*** Opening Provided data ***
Lemma wave_zsummable (t : R) : zsummable (v t) /\ zsummable (w t).
Proof.
  destruct (wave_dominated_on t t) as [Hv Hw].
  split; eapply dominated_on_zsummable; eauto; lra.
Qed.

Lemma Rk_skew (k : nat) (t : R) :
  Rk h k v w t = - zsum (fun j => v t j * Lk h k (w t) j * h).
Proof.
  destruct (wave_zsummable t) as [Hv Hw]. unfold Rk.
  rewrite !zsum_scal_r. fold (zdot (w t) (Lk h k (v t))) (zdot (v t) (Lk h k (w t))).
  rewrite zdot_Lk, zdot_comm by assumption. ring.
Qed.

Lemma Rk_conserved (k : nat) (t1 t2 : R) : Rk h k v w t1 = Rk h k v w t2.
Proof.
  set (g := fun t j => (Dminus h (Dplus h (v t)) j * Lk h k (v t) j - v t j * Lk h k (v t) j * C
                        + w t j * Lk h k (w t) j) * h).
  apply (zsum_conserved (fun t j => w t j * Lk h k (v t) j * h) g).
  - intros t j. destruct (Hsol t j) as [_ Hw'].
    rewrite second_difference_DmDp in Hw' by lra.
    replace (g t j)
      with (((Dminus h (Dplus h (v t)) j - C * v t j) * Lk h k (v t) j
             + w t j * Lk h k (w t) j) * h)
      by (unfold g; ring).
    apply is_derive_Rmult_const_r, is_derive_Rmult; [exact Hw' |].
    apply (is_derive_Lk h t v (w t)). intros i. apply Hsol.
  - intros t. destruct (wave_zsummable t) as [Hv Hw].
    apply zsummable_scal_r, zsummable_mul, zsummable_Lk; assumption.
  - intros a b. destruct (wave_dominated_on a b) as [Hv Hw].
    apply dominated_on_scal_r, dominated_on_plus; [apply dominated_on_minus |].
    + apply dominated_on_mul_Lk, Hv. apply dominated_on_Dminus, dominated_on_Dplus, Hv.
    + apply dominated_on_scal_r, dominated_on_mul_Lk; exact Hv.
    + apply dominated_on_mul_Lk; assumption.
  - intros t. destruct (wave_zsummable t) as [Hv Hw]. unfold g.
    rewrite zsum_scal_r, zsum_plus, zsum_minus, zsum_scal_r
      by auto using zsummable_mul, zsummable_scal_r, zsummable_minus, zsummable_Lk,
                    zsummable_Dminus, zsummable_Dplus.
    fold (zdot (Dminus h (Dplus h (v t))) (Lk h k (v t))) (zdot (v t) (Lk h k (v t)))
      (zdot (w t) (Lk h k (w t))).
    rewrite zdot_DmDp_Lk_self, !zdot_Lk_self by assumption. ring.
Qed.

End DecayingSolution.

Section PairingWithSolution.

Variables (x0 : R) (alpha alpha_t : R -> R -> R).
Hypothesis Halpha : forall t x : R,
  is_derive (fun s => alpha s x) t (alpha_t t x) /\
  is_derive (fun s => alpha_t s x) t
    ((alpha t (x + h) - 2 * alpha t x + alpha t (x - h)) / h ^ 2 - C * alpha t x).
Hypothesis Hdom : forall a b : R, exists M : Z -> R, zsummable M /\
  forall t : R, a <= t <= b -> forall j i : Z, (Z.abs i <= 1)%Z ->
    (Rabs (alpha t (x0 + IZR (j + i) * h)) + Rabs (alpha_t t (x0 + IZR (j + i) * h)))
    * (Rabs (v t j) + Rabs (w t j)) <= M j.

Definition alpha_v (i : Z) (t : R) (j : Z) : R := alpha t (x0 + IZR (j + i) * h) * v t j.

Lemma dominated_on_alpha_v (i : Z) (a b : R) :
  (Z.abs i <= 1)%Z -> dominated_on a b (alpha_v i).
Proof.
  intros Hi. destruct (Hdom a b) as [M [HM HbM]]. exists M. split; [exact HM |].
  intros t Ht j. eapply Rle_trans; [| exact (HbM t Ht j i Hi)].
  unfold alpha_v. rewrite Rabs_mult.
  apply Rmult_le_compat; try apply Rabs_pos; pose proof (Rabs_pos (w t j));
    pose proof (Rabs_pos (alpha_t t (x0 + IZR (j + i) * h))); lra.
Qed.

(* [alpha (D_-D_+ v) - (D_-D_+ alpha) v] only leaves products of neighbouring values. *)
Lemma is_derive_Tfun_density (t : R) (j : Z) :
  is_derive (fun s => (alpha s (x0 + IZR j * h) * w s j - alpha_t s (x0 + IZR j * h) * v s j) * h) t
    ((alpha_v (-1) t (j + 1) + alpha_v 1 t (j - 1) - (alpha_v 1 t j + alpha_v (-1) t j)) / h).
Proof.
  destruct (Halpha t (x0 + IZR j * h)) as [Ha Hat]. destruct (Hsol t j) as [Hv Hw].
  refine (is_derive_eq _ _ _ _
    (is_derive_Rmult_const_r _ t _ h (is_derive_minus _ _ t _ _
       (is_derive_Rmult _ _ t _ _ Ha Hw) (is_derive_Rmult _ _ t _ _ Hat Hv))) _).
  unfold alpha_v. replace (j + 1 + -1)%Z with j by lia. replace (j - 1 + 1)%Z with j by lia.
  replace (x0 + IZR j * h + h) with (x0 + IZR (j + 1) * h) by (rewrite plus_IZR; ring).
  replace (x0 + IZR j * h - h) with (x0 + IZR (j + -1) * h) by (rewrite plus_IZR; simpl; ring).
  replace (j + -1)%Z with (j - 1)%Z by lia.
  unfold minus, plus, opp; simpl. field. lra.
Qed.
*** Closing Provided data ***
# Activity:
Your response should be an exact copy of all the records.

# Result for this exercise:
Lemma wave_zsummable (t : R) : zsummable (v t) /\ zsummable (w t).
Proof.
  destruct (wave_dominated_on t t) as [Hv Hw].
  split; eapply dominated_on_zsummable; eauto; lra.
Qed.

Lemma Rk_skew (k : nat) (t : R) :
  Rk h k v w t = - zsum (fun j => v t j * Lk h k (w t) j * h).
Proof.
  destruct (wave_zsummable t) as [Hv Hw]. unfold Rk.
  rewrite !zsum_scal_r. fold (zdot (w t) (Lk h k (v t))) (zdot (v t) (Lk h k (w t))).
  rewrite zdot_Lk, zdot_comm by assumption. ring.
Qed.

Lemma Rk_conserved (k : nat) (t1 t2 : R) : Rk h k v w t1 = Rk h k v w t2.
Proof.
  set (g := fun t j => (Dminus h (Dplus h (v t)) j * Lk h k (v t) j - v t j * Lk h k (v t) j * C
                        + w t j * Lk h k (w t) j) * h).
  apply (zsum_conserved (fun t j => w t j * Lk h k (v t) j * h) g).
  - intros t j. destruct (Hsol t j) as [_ Hw'].
    rewrite second_difference_DmDp in Hw' by lra.
    replace (g t j)
      with (((Dminus h (Dplus h (v t)) j - C * v t j) * Lk h k (v t) j
             + w t j * Lk h k (w t) j) * h)
      by (unfold g; ring).
    apply is_derive_Rmult_const_r, is_derive_Rmult; [exact Hw' |].
    apply (is_derive_Lk h t v (w t)). intros i. apply Hsol.
  - intros t. destruct (wave_zsummable t) as [Hv Hw].
    apply zsummable_scal_r, zsummable_mul, zsummable_Lk; assumption.
  - intros a b. destruct (wave_dominated_on a b) as [Hv Hw].
    apply dominated_on_scal_r, dominated_on_plus; [apply dominated_on_minus |].
    + apply dominated_on_mul_Lk, Hv. apply dominated_on_Dminus, dominated_on_Dplus, Hv.
    + apply dominated_on_scal_r, dominated_on_mul_Lk; exact Hv.
    + apply dominated_on_mul_Lk; assumption.
  - intros t. destruct (wave_zsummable t) as [Hv Hw]. unfold g.
    rewrite zsum_scal_r, zsum_plus, zsum_minus, zsum_scal_r
      by auto using zsummable_mul, zsummable_scal_r, zsummable_minus, zsummable_Lk,
                    zsummable_Dminus, zsummable_Dplus.
    fold (zdot (Dminus h (Dplus h (v t))) (Lk h k (v t))) (zdot (v t) (Lk h k (v t)))
      (zdot (w t) (Lk h k (w t))).
    rewrite zdot_DmDp_Lk_self, !zdot_Lk_self by assumption. ring.
Qed.

End DecayingSolution.

Section PairingWithSolution.

Variables (x0 : R) (alpha alpha_t : R -> R -> R).
Hypothesis Halpha : forall t x : R,
  is_derive (fun s => alpha s x) t (alpha_t t x) /\
  is_derive (fun s => alpha_t s x) t
    ((alpha t (x + h) - 2 * alpha t x + alpha t (x - h)) / h ^ 2 - C * alpha t x).
Hypothesis Hdom : forall a b : R, exists M : Z -> R, zsummable M /\
  forall t : R, a <= t <= b -> forall j i : Z, (Z.abs i <= 1)%Z ->
    (Rabs (alpha t (x0 + IZR (j + i) * h)) + Rabs (alpha_t t (x0 + IZR (j + i) * h)))
    * (Rabs (v t j) + Rabs (w t j)) <= M j.

Definition alpha_v (i : Z) (t : R) (j : Z) : R := alpha t (x0 + IZR (j + i) * h) * v t j.

Lemma dominated_on_alpha_v (i : Z) (a b : R) :
  (Z.abs i <= 1)%Z -> dominated_on a b (alpha_v i).
Proof.
  intros Hi. destruct (Hdom a b) as [M [HM HbM]]. exists M. split; [exact HM |].
  intros t Ht j. eapply Rle_trans; [| exact (HbM t Ht j i Hi)].
  unfold alpha_v. rewrite Rabs_mult.
  apply Rmult_le_compat; try apply Rabs_pos; pose proof (Rabs_pos (w t j));
    pose proof (Rabs_pos (alpha_t t (x0 + IZR (j + i) * h))); lra.
Qed.

(* [alpha (D_-D_+ v) - (D_-D_+ alpha) v] only leaves products of neighbouring values. *)
Lemma is_derive_Tfun_density (t : R) (j : Z) :
  is_derive (fun s => (alpha s (x0 + IZR j * h) * w s j - alpha_t s (x0 + IZR j * h) * v s j) * h) t
    ((alpha_v (-1) t (j + 1) + alpha_v 1 t (j - 1) - (alpha_v 1 t j + alpha_v (-1) t j)) / h).
Proof.
  destruct (Halpha t (x0 + IZR j * h)) as [Ha Hat]. destruct (Hsol t j) as [Hv Hw].
  refine (is_derive_eq _ _ _ _
    (is_derive_Rmult_const_r _ t _ h (is_derive_minus _ _ t _ _
       (is_derive_Rmult _ _ t _ _ Ha Hw) (is_derive_Rmult _ _ t _ _ Hat Hv))) _).
  unfold alpha_v. replace (j + 1 + -1)%Z with j by lia. replace (j - 1 + 1)%Z with j by lia.
  replace (x0 + IZR j * h + h) with (x0 + IZR (j + 1) * h) by (rewrite plus_IZR; ring).
  replace (x0 + IZR j * h - h) with (x0 + IZR (j + -1) * h) by (rewrite plus_IZR; simpl; ring).
  replace (j + -1)%Z with (j - 1)%Z by lia.
  unfold minus, plus, opp; simpl. field. lra.
Qed.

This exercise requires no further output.